To be sure, the vineyard owner’s method of payment is a terrible way to account for productivity. It is, however, an excellent way to make sure everyone gets enough to eat. And, when we examine the biblical record, we discover that this story is consistent with divine economics all along: God showers the people with manna and quail in the wilderness– enough to feed everyone, but not enough to hoard; Jesus multiplies bread and fish for the multitudes on the basis of need, not deserving; those who have much do not have too much, and those who have little do not have too little.[5] It’s the logic of God’s reign on Earth as in heaven.

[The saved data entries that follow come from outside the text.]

Lemma moment_solutions_eq_ray c : rho1 `]c, +oo[%classic = rho2 `]c, +oo[%classic.
Proof.
have fin rho : moment_solution s rho -> (rho setT < +oo)%E.
  by move=> rho_s; rewrite (moment_solution_setT rho_s) ltry.
have := integral_step_poly_cvg (fin _ rho1_s) rho1_conc (c := c).
have := integral_step_poly_cvg (fin _ rho2_s) rho2_conc (c := c).
have -> : (fun N => \int[rho2]_x (step_poly r c N).[x]%:E)%E =
    (fun N => \int[rho1]_x (step_poly r c N).[x]%:E)%E.
  apply: funext => N.
  by have [_ ->] := moment_solution_poly rho1_s (step_poly r c N);
    have [_ ->] := moment_solution_poly rho2_s (step_poly r c N).
by move=> cvg2 cvg1; rewrite -(cvg_unique _ cvg1 cvg2).
Qed.

Lemma moment_solutions_eq A : measurable A -> rho1 A = rho2 A.
Proof.
apply: (measure_unique (@RGenOInfty.G R) (fun k => `](- k%:R), +oo[%classic)).
- exact: RGenOInfty.measurableE.
- move=> _ _ [x ->] [y ->]; exists (Num.max x y).
  apply/seteqP; split => t /=; rewrite !in_itv /= !andbT gt_max; first by case=> -> ->.
  by case/andP.
- by move=> k; exists (- k%:R).
- apply/seteqP; split => // t _; exists (Num.Def.archi_bound `|t|) => //=.
  rewrite in_itv /= andbT ltrNl (le_lt_trans (ler_norm _)) // normrN.
  exact: archi_boundP.
- by move=> _ [c ->]; exact: moment_solutions_eq_ray.
- move=> k; apply: (@le_lt_trans _ _ (rho1 setT)).
    by apply: le_measure; rewrite ?inE //; exact: measurable_itv.
  by rewrite (moment_solution_setT rho1_s) ltry.
Qed.

End Determinacy.

Lemma CT_sym (R : realType) (rho : {measure set R -> \bar R}) T : (CT rho T)^T = CT rho T.
Proof.
by apply/matrixP => i j; rewrite !mxE; congr Rintegral; apply: funext => x; rewrite mulrC.
Qed.

Unset Implicit Arguments.

Theorem mainTheorem2 (R : realType) (a b : nat -> R)
  (ha0 : a 0%N = 1) (hapos : forall n : nat, (0 < n)%N -> 0 < a n)
  (hbound : exists M : R, forall rho : {measure set R -> \bar R},
      moment_solution (moment a b) rho ->
      forall (T : nat) (g : R), (0 < T)%N -> largest_eigenvalue (CT rho T) g -> g <= M) :
  determinate (moment a b).
Proof.
case: hbound => M gamma_le_M.
have concentrated rho : moment_solution (moment a b) rho ->
    rho (~` `[-2, 2]%classic) = 0%E.
  move=> rho_s; apply: (moment_solution_concentrated (M := M) rho_s) => k.
  have [g [g_largest g_ge_diag]] := sym_largest_eigenvalue_ge_diag (CT_sym rho k.+1).
  apply: le_trans (gamma_le_M rho rho_s k.+1 g isT g_largest).
  by have := g_ge_diag ord_max; rewrite mxE.
move=> rho1 rho2 rho1_s rho2_s.
exact: moment_solutions_eq rho1_s rho2_s (concentrated _ rho1_s) (concentrated _ rho2_s).
Qed.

That is to say, grace has both spiritual and material implications. God’s blessing is intended for both body and spirit. Accordingly, Dorothy Day, co-founder of the Catholic Worker Movement in the United States, gleans from Holy Scripture a mandate for employers: “[Jesus] spoke of a living wage,” she contended, a minimum income that guarantees the basics.[6] The highest economic priority, in other words, is to support everyone’s flourishing, not to appraise each one’s value.

God is good, friends; so good, in fact, that we may be inclined to grumble. And, if you’re still bucking against Jesus’ parable, that’s good. It means that the word is working on you, continuing to form you for life according to God’s dream for the world God loves. The good news is that you’ve been afforded the privilege of working in the vineyard in the first place. And the reward, as one interpreter puts it, “comes not from each worker’s merit, not from the quantity or even quality of their labor, but rather from the gracious covenant offered by the one doing the hiring.”[7]

[1] www.theworkofthepeople.com/grace-is-not-attractive.

[2] See M. Eugene Boring, The New Interpreter’s Bible, Vol. VIII, 394.

[3] See Lewis R. Donelson, in Feasting on the Word, Year A, Vol. 4, 95.

[4] Rolf Jacobson, “The New Math of the Kingdom of God,” www.workingpreacher.org/craft.aspx?post=5455.

[5] Exodus 16:18; 2 Corinthians 8:15.

[6] The Long Loneliness, as cited by Charles Campbell, in Feasting on the Word, Year A, Vol. 4, 95.

[7] Kathryn D. Blanchard, in Feasting on the Word, Year A, Vol. 4, 94.